## Task goal
Note how many lines in the material have "other", and give only that figure.

## Data records
(* Let $n\ge1$ and let $G$ be a canonical weighted voting game on players $\{1,\dots,n\}$ whose set $W_{\min,G}$ of minimal winning coalitions is nonempty. Then there exist a coalition $C\in W_{\min,G}$ and a canonical weighted voting game $G'$ on players $\{1,\dots,n\}$ whose set of minimal winning coalitions is exactly $W_{\min,G}\setminus\{C\}$.
   Context: A simple game on $N=\{1,\dots,n\}$ is a function $v:2^N\to\{0,1\}$ (the all-losing game is allowed); $S$ is winning if $v(S)=1$. A minimal winning coalition is a winning coalition all of whose sets $S\setminus\{i\}$, $i\in S$, are losing. A weighted voting game is a simple game for which there exist $q\ge0$, $w_1,\dots,w_n\ge0$ with $v(S)=1\iff\sum_{i\in S}w_i\ge q$. Write $i\succeq j$ if $v(S\cup\{i\})\ge v(S\cup\{j\})$ for all $S\subseteq N\setminus\{i,j\}$. A canonical weighted voting game is a weighted voting game with $1\succeq2\succeq\cdots\succeq n$. *)

From mathcomp Require Import all_boot all_order all_algebra.
From mathcomp Require Import Rstruct.
From Stdlib Require Import Reals.
Set Implicit Arguments. Unset Strict Implicit. Unset Printing Implicit Defensive.
Import Order.TTheory GRing.Theory Num.Theory.
Local Open Scope ring_scope.

(* Players {1,...,n} are represented by 'I_n = {0,...,n-1}; player i+1 of the
   paper is the ordinal i.  A simple game is any map from coalitions to bool. *)
Definition simple_game (n : nat) := {set 'I_n} -> bool.

Definition minimal_winning n (v : simple_game n) (S : {set 'I_n}) : bool :=
  v S && [forall i in S, ~~ v (S :\ i)].

Definition Wmin n (v : simple_game n) : {set {set 'I_n}} :=
  [set S | minimal_winning v S].

Definition weighted n (v : simple_game n) : Prop :=
  exists (q : R) (w : 'I_n -> R),
    0 <= q /\ (forall i, 0 <= w i) /\
    forall S : {set 'I_n}, v S = (q <= \sum_(i in S) w i).

Definition desir n (v : simple_game n) (i j : 'I_n) : Prop :=
  forall S : {set 'I_n}, i \notin S -> j \notin S ->
    v (j |: S) -> v (i |: S).

Definition canonical_wvg n (v : simple_game n) : Prop :=
  weighted v /\
  forall i j : 'I_n, (nat_of_ord i).+1 = j -> desir v i j.

(* Take nonincreasing weights W and quota q for G, and let p be the last player
   occurring in a minimal winning coalition; players after p are dummies.  Among
   the coalitions C <= {1..p} in which p is pivotal, pick one of least weight and,
   among those, of largest index sum; it is minimal winning.  Now lower the weight
   of p by the excess W(C) - q plus a tiny eta, raise every other player in
   {1..p} outside C by eta, and zero out the dummies.  C becomes losing and every
   other winning coalition survives: it either exceeds W(C) by a full gap of the
   finitely many weight sums, or it has the same weight and then gains at least
   one eta from a player outside C.  The tie-break by index sum is exactly what
   keeps the new weights nonincreasing, so the new game is again canonical. *)

From mathcomp Require Import all_boot all_order all_algebra all_fingroup.
From mathcomp Require Import Rstruct lra.
From Stdlib Require Rdefinitions.
Set Implicit Arguments. Unset Strict Implicit. Unset Printing Implicit Defensive.
Import Order.TTheory GRing.Theory Num.Theory.
Local Open Scope ring_scope.
Local Notation R := Rdefinitions.R.

Lemma exists_gap (T : finType) (f : T -> R) :
  exists2 g, 0 < g & forall x y, f x < f y -> f x + g <= f y.
Proof.
case: (pickP (fun xy : T * T => f xy.1 < f xy.2)) => [xy0 lt0 | none]; last first.
  by exists 1 => // x y lt_xy; have := none (x, y); rewrite /= lt_xy.
case: (arg_minP (fun xy : T * T => f xy.2 - f xy.1) (P := fun xy => f xy.1 < f xy.2) lt0).
move=> -[x0 y0] /= lt_x0y0 min0.
exists (f y0 - f x0); first by rewrite subr_gt0.
by move=> x y /(min0 (x, y)) /= ?; lra.
Qed.

Section WeightSums.
Variable n : nat.
Implicit Types (S T : {set 'I_n}) (W : 'I_n -> R).

Definition wsum W S := \sum_(i in S) W i.

Definition weighted_by (v : simple_game n) q W := forall S, v S = (q <= wsum W S).

Definition nonincreasing_weights W := forall i j : 'I_n, (i <= j)%N -> W j <= W i.

Definition index_sum S := (\sum_(i in S) i)%N.

Lemma wsumU1 W i S : i \notin S -> wsum W (i |: S) = W i + wsum W S.
Proof. exact: big_setU1. Qed.

Lemma wsumD1 W i S : i \in S -> wsum W S = W i + wsum W (S :\ i).
Proof. exact: big_setD1. Qed.

Lemma wsum1 W i : wsum W [set i] = W i.
Proof. exact: big_set1. Qed.

Lemma le_wsum W S T : (forall i, 0 <= W i) -> S \subset T -> wsum W S <= wsum W T.
Proof.
move=> W_ge0 /setIidPr sST; rewrite /wsum [X in _ <= X](big_setID S) /= sST.
by rewrite lerDl sumr_ge0.
Qed.

End WeightSums.

Section MonotoneGames.

Definition monotone_game n (v : simple_game n) :=
  forall S T : {set 'I_n}, S \subset T -> v S -> v T.

Variables (n : nat) (v : simple_game n).
Implicit Types (S T : {set 'I_n}) (M : {set {set 'I_n}}).

Lemma Wmin_winning S : S \in Wmin v -> v S.
Proof. by rewrite inE => /andP[]. Qed.

Lemma Wmin_below S : v S -> exists2 T, T \in Wmin v & T \subset S.
Proof.
move=> vS; have vSS : v S && (S \subset S) by rewrite vS subxx.
case: (arg_minnP (fun T => #|T|) (P := fun T => v T && (T \subset S)) vSS).
move=> T /andP[vT sTS] minT.
exists T => //; rewrite inE /minimal_winning vT; apply/forall_inP => i iT.
apply/negP => vTi; have := minT (T :\ i); rewrite vTi (subset_trans (subD1set T i)) //.
by rewrite (cardsD1 i T) iT ltnn => /(_ isT).
Qed.

Hypothesis v_mono : monotone_game v.

Lemma Wmin_antichain S T : S \in Wmin v -> T \in Wmin v -> S \subset T -> S = T.
Proof.
move=> /Wmin_winning vS; rewrite inE => /andP[_ /forall_inP minT] sST.
apply/eqP; rewrite eqEsubset sST; apply/subsetP => i iT; apply/negPn/negP => iS.
by have /negP[] := minT i iT; apply: v_mono vS; rewrite subsetD1 sST.
Qed.

Lemma Wmin_set0 : v set0 -> Wmin v = [set set0].
Proof.
move=> v0; have W0 : set0 \in Wmin v.
  by rewrite inE /minimal_winning v0; apply/forall_inP => i; rewrite inE.
apply/setP => S; rewrite in_set1; apply/idP/eqP => [SW | ->] //.
by apply/esym/Wmin_antichain; rewrite ?sub0set.
Qed.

## Output of the task
2